» **AVAILABLE RECORDS**
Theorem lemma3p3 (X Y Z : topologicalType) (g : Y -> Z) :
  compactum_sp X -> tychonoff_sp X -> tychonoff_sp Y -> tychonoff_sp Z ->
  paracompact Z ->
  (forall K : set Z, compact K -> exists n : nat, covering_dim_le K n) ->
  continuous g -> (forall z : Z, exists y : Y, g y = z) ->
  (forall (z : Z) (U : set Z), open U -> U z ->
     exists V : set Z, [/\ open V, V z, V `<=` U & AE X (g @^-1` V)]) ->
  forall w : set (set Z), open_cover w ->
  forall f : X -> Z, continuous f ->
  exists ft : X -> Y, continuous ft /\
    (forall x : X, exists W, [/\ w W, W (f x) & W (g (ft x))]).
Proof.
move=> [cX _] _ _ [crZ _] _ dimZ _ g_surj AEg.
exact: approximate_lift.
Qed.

» **WHAT IS EXPECTED**
State how many lines of the entries include the word "forall", giving that number by itself.

» **ANSWER SECTION**
6